With our limit of snapper met some triggers to round out the bag and a nice Mango we decide to quit punishing ourselves and head for the hill. 

Waiting on some better weather. You all stay sane, stick together.


----------



## hjorgan (Sep 30, 2007)

Suh-wheet!!!!!


----------



## coolbluestreak (Jun 27, 2011)

That is one chunk of a trigger, very nice!


----------



## FelixH (Sep 28, 2007)

Nice fish, Dave!


----------



## Online CurrentSea (Jan 31, 2012)

Love me some trigger fish, thanks for the report!


----------



## Ultralite (Oct 1, 2007)

Good report Dave! nice feesh...


----------



## SaltAddict (Jan 6, 2010)

Call me stupid, but I thought state closed trigger along with federal? That's what the tackle shop told me. 

Nice haul regardless! Props for roughing those seas. We hit it last Wednesday 1-2 quickly rose to 4-6.


----------



## SaltAddict (Jan 6, 2010)

OK, so I just called another shop and they say trigger is open in state. These regs suck.


----------



## Ringo Redux (Jul 7, 2010)

Nice haul, ND. Well done


----------



## Plattinum (Sep 16, 2010)

SaltAddict said:


> OK, so I just called another shop and they say trigger is open in state. These regs suck.

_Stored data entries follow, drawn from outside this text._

(* Let $X$ be a real Hilbert space and $h:\Phi_{lsc}^{\mathbb{R}}\to(-\infty,+\infty]$ a proper lower semicontinuous function bounded from below. Let $\gamma>0$ and let $(\phi_n)=((a_n,u_n))$ be generated by the $\Phi_{lsc}^{\mathbb{R}}$-proximal algorithm on $\Phi_{lsc}^{\mathbb{R}}$ described in the context. Then for every $n$ and every $\phi=(a,u)\in\Phi_{lsc}^{\mathbb{R}}$, $$h(\phi)-h(\phi_{n+1})\ge\frac{1}{2\gamma}\big[\|u-u_{n+1}\|^2-\|u-u_n\|^2\big]+\Big(1-\frac{2(a-a_{n+1})}{\gamma}\Big)\frac{\|u_n-u_{n+1}\|^2}{2\gamma}.$$ Moreover, if $\gamma\ge a_n-a_{n+1}$ for all $n\in\mathbb{N}$, then $(h(\phi_n))_{n\in\mathbb{N}}$ is non-increasing.
   Context: $\Phi_{lsc}^{\mathbb{R}}=\{\phi=(a,u)\in\mathbb{R}\times X\}$ with $\phi(x)=-a\|x\|^2+\langle u,x\rangle$, identified with the Hilbert space $\mathbb{R}\times X$ (inner product $ab+\langle u,v\rangle$). The $X$-subdifferential of $h$ at $\psi$ is $\partial_Xh(\psi)=\{w\in X: h(\phi)-h(\psi)\ge\phi(w)-\psi(w)\ \forall\phi\in\Phi_{lsc}^{\mathbb{R}}\}$. Algorithm: choose $\gamma>0$, $\phi_0=(a_0,u_0)$. For $n\in\mathbb{N}$: find $\phi_{n+1}=(a_{n+1},u_{n+1})$ with $\frac{u_n-u_{n+1}}{\gamma}\in\partial_Xh(\phi_{n+1})$; if no such $\phi_{n+1}$ exists, return $\phi_n$. *)

From HB Require Import structures.
From mathcomp Require Import all_boot all_order all_algebra.
From mathcomp Require Import all_classical all_reals all_analysis.
Set Implicit Arguments. Unset Strict Implicit. Unset Printing Implicit Defensive.
Import Order.TTheory GRing.Theory Num.Theory.
Import numFieldNormedType.Exports.
Local Open Scope classical_set_scope.
Local Open Scope ring_scope.

Definition hilbert_inner (R : realType) (X : normedModType R)
  (ip : X -> X -> R) : Prop :=
  [/\ forall x y, ip x y = ip y x,
      forall (k : R) x y z, ip (k *: x + y) z = k * ip x z + ip y z
    & forall x, ip x x = `|x| ^+ 2].

Definition phi_eval (R : realType) (X : normedModType R)
  (ip : X -> X -> R) (p : R * X) (x : X) : R :=
  - p.1 * `|x| ^+ 2 + ip p.2 x.

(* X-subdifferential of h at psi:
   { w | h(phi) - h(psi) >= phi(w) - psi(w) for all phi },
   written additively to avoid +oo - +oo. *)
Definition Xsubdiff (R : realType) (X : normedModType R)
  (ip : X -> X -> R) (h : R * X -> \bar R) (psi : R * X) : set X :=
  [set w | forall phi : R * X,
     (h psi + (phi_eval ip phi w - phi_eval ip psi w)%:E <= h phi)%E].

Definition proper_fun (R : realType) (T : Type) (h : T -> \bar R) : Prop :=
  (forall t, h t != -oo)%E /\ (exists t, h t != +oo)%E.

Definition bounded_below (R : realType) (T : Type) (h : T -> \bar R) : Prop :=
  exists m : R, forall t, (m%:E <= h t)%E.

Definition prox_sequence (R : realType) (X : normedModType R)
  (ip : X -> X -> R) (h : R * X -> \bar R) (gamma : R) (phi0 : R * X)
  (phi : nat -> R * X) : Prop :=
  phi 0%N = phi0 /\
  forall n, Xsubdiff ip h (phi n.+1) (gamma^-1 *: ((phi n).2 - (phi n.+1).2)).

From mathcomp Require Import all_boot all_order all_algebra.
From mathcomp Require Import all_classical all_reals all_analysis.
From mathcomp Require Import ring lra.
Set Implicit Arguments. Unset Strict Implicit. Unset Printing Implicit Defensive.
Import Order.TTheory GRing.Theory Num.Theory.
Import numFieldNormedType.Exports.
Local Open Scope ring_scope.

(* Instantiate the subgradient inequality defining phi_{n+1} at an arbitrary
   phi = (a, u).  With d = u_n - u_{n+1} and w = d / gamma,
   phi(w) - phi_{n+1}(w) = (a_{n+1} - a) |d|^2 / gamma^2 + <u - u_{n+1}, d> / gamma,
   and expanding |u - u_n|^2 = |(u - u_{n+1}) - d|^2 shows that this is exactly
   the claimed lower bound.  For phi = phi_n the bound becomes
   (1 - (a_n - a_{n+1}) / gamma) |d|^2 / gamma, which is nonnegative when
   gamma >= a_n - a_{n+1}. *)

Section InnerProduct.
Variables (R : realType) (X : normedModType R) (ip : X -> X -> R).
Hypothesis ipH : hilbert_inner ip.

Lemma ipDl x y z : ip (x + y) z = ip x z + ip y z.
Proof. by case: ipH => _ ipL _; rewrite -(scale1r x) ipL mul1r scale1r. Qed.

Lemma ip0l z : ip 0 z = 0.
Proof. by have := ipDl 0 0 z; rewrite addr0; lra. Qed.

Lemma ipZl k x z : ip (k *: x) z = k * ip x z.
Proof. by case: ipH => _ ipL _; rewrite -[k *: x]addr0 ipL ip0l addr0. Qed.

Lemma ipBl x y z : ip (x - y) z = ip x z - ip y z.
Proof. by rewrite ipDl -scaleN1r ipZl mulN1r. Qed.

Lemma ipZr k x z : ip z (k *: x) = k * ip z x.
Proof. by case: ipH => ipC _ _; rewrite !(ipC z) ipZl. Qed.

Lemma sqr_normB x y : `|x - y| ^+ 2 = `|x| ^+ 2 - 2 * ip x y + `|y| ^+ 2.
Proof.
case: ipH => ipC _ ipN.
by rewrite -!ipN !ipBl ![ip _ (_ - _)]ipC !ipBl (ipC x y); ring.
Qed.

Lemma phi_evalB p q w :
  phi_eval ip p w - phi_eval ip q w = (q.1 - p.1) * `|w| ^+ 2 + ip (p.2 - q.2) w.
Proof. by rewrite /phi_eval ipBl; ring. Qed.

Lemma phi_eval_prox_stepB (gamma : R) (u0 : X) (p q : R * X) :
  gamma != 0 ->
  phi_eval ip p (gamma^-1 *: (u0 - q.2)) - phi_eval ip q (gamma^-1 *: (u0 - q.2))
  = (2 * gamma)^-1 * (`|p.2 - q.2| ^+ 2 - `|p.2 - u0| ^+ 2)
    + (1 - 2 * (p.1 - q.1) / gamma) * (`|u0 - q.2| ^+ 2 / (2 * gamma)).
Proof.
move=> gamma_neq0.
rewrite phi_evalB normrZ exprMn (real_normK (num_real gamma^-1)) ipZr.
have -> : p.2 - u0 = (p.2 - q.2) - (u0 - q.2) by rewrite opprB addrA subrK.
rewrite (sqr_normB (p.2 - q.2)).
by field.
Qed.

End InnerProduct.

Lemma prox_step_ineq (R : realType) (X : normedModType R) (ip : X -> X -> R)
    (h : R * X -> \bar R) (gamma : R) (u0 : X) (q p : R * X) :
  hilbert_inner ip -> gamma != 0 ->
  Xsubdiff ip h q (gamma^-1 *: (u0 - q.2)) ->
  (h q + ((2 * gamma)^-1 * (`|p.2 - q.2| ^+ 2 - `|p.2 - u0| ^+ 2)
          + (1 - 2 * (p.1 - q.1) / gamma) * (`|u0 - q.2| ^+ 2 / (2 * gamma)))%:E
   <= h p)%E.
Proof. by move=> ipH gamma_neq0 /(_ p); rewrite phi_eval_prox_stepB. Qed.

Lemma prox_step_gain_ge0 (R : realFieldType) (gamma c N : R) :
  0 < gamma -> c <= gamma -> 0 <= N ->
  0 <= (2 * gamma)^-1 * N + (1 - 2 * c / gamma) * (N / (2 * gamma)).
Proof.
move=> gamma_gt0 c_le N_ge0.
have -> : (2 * gamma)^-1 * N + (1 - 2 * c / gamma) * (N / (2 * gamma))
          = (N / gamma) * ((gamma - c) / gamma).
  by field; exact: lt0r_neq0.
by rewrite mulr_ge0 ?divr_ge0 ?subr_ge0 // ltW.
Qed.

Theorem proposition5 (R : realType) (X : completeNormedModType R)
  (ip : X -> X -> R) (h : R * X -> \bar R) (gamma : R) (phi0 : R * X)
  (phi : nat -> R * X) :
  hilbert_inner ip ->
  proper_fun h -> lower_semicontinuous h -> bounded_below h ->
  0 < gamma ->
  prox_sequence ip h gamma phi0 phi ->
  (forall (n : nat) (p : R * X),
     (h (phi n.+1) +
      ((2 * gamma)^-1 * (`|p.2 - (phi n.+1).2| ^+ 2 - `|p.2 - (phi n).2| ^+ 2)
       + (1 - 2 * (p.1 - (phi n.+1).1) / gamma)
         * (`|(phi n).2 - (phi n.+1).2| ^+ 2 / (2 * gamma)))%:E
      <= h p)%E)
  /\ ((forall n : nat, (phi n).1 - (phi n.+1).1 <= gamma) ->
      forall n : nat, (h (phi n.+1) <= h (phi n))%E).
Proof.
move=> ipH _ _ _ gamma_gt0 [_ phi_step].
have gamma_neq0 : gamma != 0 by rewrite gt_eqF.
have ineq n p := prox_step_ineq p ipH gamma_neq0 (phi_step n).
split; first exact: ineq.
move=> gamma_ge n.
apply: le_trans (ineq n (phi n)).
rewrite leeDl // lee_fin subrr normr0 expr0n subr0.
exact: prox_step_gain_ge0 gamma_gt0 (gamma_ge n) (sqr_ge0 _).
Qed.
Theorem theorem3p3 (d : measure_display) (T : measurableType d) (R : realType)
  (mu : {measure set T -> \bar R}) (n : nat) (p : 'I_n -> R) (f : 'I_n -> T -> R) :
  (0 < mu [set: T])%E ->
  (forall i, 1 < p i) ->
  \sum_(i < n) (p i)^-1 = 1 ->
  (forall i, measurable_fun [set: T] (f i)) ->
  (forall i x, 0 <= f i x) ->
  (forall i, ('N[mu]_((p i)%:E)[EFin \o f i] < +oo)%E) ->
  (forall i, (0 < 'N[mu]_((p i)%:E)[EFin \o f i])%E) ->
  let N i := fine ('N[mu]_((p i)%:E)[EFin \o f i]) in
  let Rq := fine (\int[mu]_x (\prod_(i < n) f i x `^ (p i / n%:R))%:E)
            / \prod_(i < n) N i `^ (p i / n%:R) in
  let prodN := \prod_(i < n) N i in
  let N1 := fine ('N[mu]_1[EFin \o (fun x => \prod_(i < n) f i x)]) in
  prodN * (1 - n%:R * pinv_max p * (1 - Rq)) <= N1 /\
  N1 <= prodN * (1 - n%:R * pinv_min p * (1 - Rq)).
Proof.
(* The positivity of [mu] is implied by that of the norms. *)
move=> _ p1 sp mf f0 Nfin Npos N Rq prodN N1.
have p0 i : 0 < p i := lt_trans ltr01 (p1 i).
have N0 i : 0 < N i by apply: fine_gt0; rewrite Npos Nfin.
have prodN0 : 0 < prodN by apply: prodr_gt0.
pose a i x := (f i x / N i) `^ p i.
have ma i : measurable_fun setT (a i).
  exact/(measurableT_comp (measurable_powR _))/measurable_funM/measurable_cst.
have a1 i := integral_powR_div_Lnorm (p0 i) (mf i) (f0 i) (Nfin i) (Npos i).
have m0 : 0 <= pinv_min p by apply: le_bigmin => // i _; rewrite invr_ge0 ltW.
have wmM i : pinv_min p <= (p i)^-1 <= pinv_max p by rewrite bigmin_le le_bigmax.
have [] := integral_prod_powR_bounds ma (fun i x => powR_ge0 _ _) a1 m0 wmM sp.
have mprodf : measurable_fun setT (fun x => \prod_i f i x) by apply: measurable_prod => i _.
have prodf0 x : 0 <= \prod_i f i x by apply: prodr_ge0 => i _.
have -> : fine (\int[mu]_x (\prod_i a i x `^ (p i)^-1)%:E)%E = N1 / prodN.
  under eq_integral => x _ do rewrite (prod_powR_normalized (f0^~ x) N0 p0).
  by rewrite fine_ge0_integralZr ?invr_ge0 ?ltW // /N1 (Lnorm1_ge0 mu prodf0).
have -> : fine (\int[mu]_x (geomean (a ^~ x))%:E)%E = Rq.
  under eq_integral => x _ do rewrite (geomean_normalized p (f0^~ x) (fun i => ltW (N0 i))) card_ord.
  rewrite fine_ge0_integralZr ?invr_ge0 ?ltW //.
  - exact: (measurable_prod_powR mf).
  - by move=> x; apply: prodr_ge0 => i _; exact: powR_ge0.
  - by apply: prodr_gt0 => i _; exact: powR_gt0.
rewrite card_ord => lo up.
by split; rewrite (mulrC prodN); [rewrite -ler_pdivlMr | rewrite -ler_pdivrMr].
Qed.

http://myfwc.com/fishing/saltwater/regulations/amberjack-triggerfish/

*Triggerfish:*
The recreational harvest of gray triggerfish in Gulf of Mexico federal waters will close June 11. This date was set by NOAA Fisheries Service, who determined the the 2012 recreational quota for triggerfish would be caught by then. The federal season will reopen Jan. 1, 2013. *The recreational harvest of gray triggerfish in state waters remains open.* Vessels that have a valid federal for-hire license for Gulf of Mexico reef fish must adhere to this federal closure even when fishing in state waters.


----------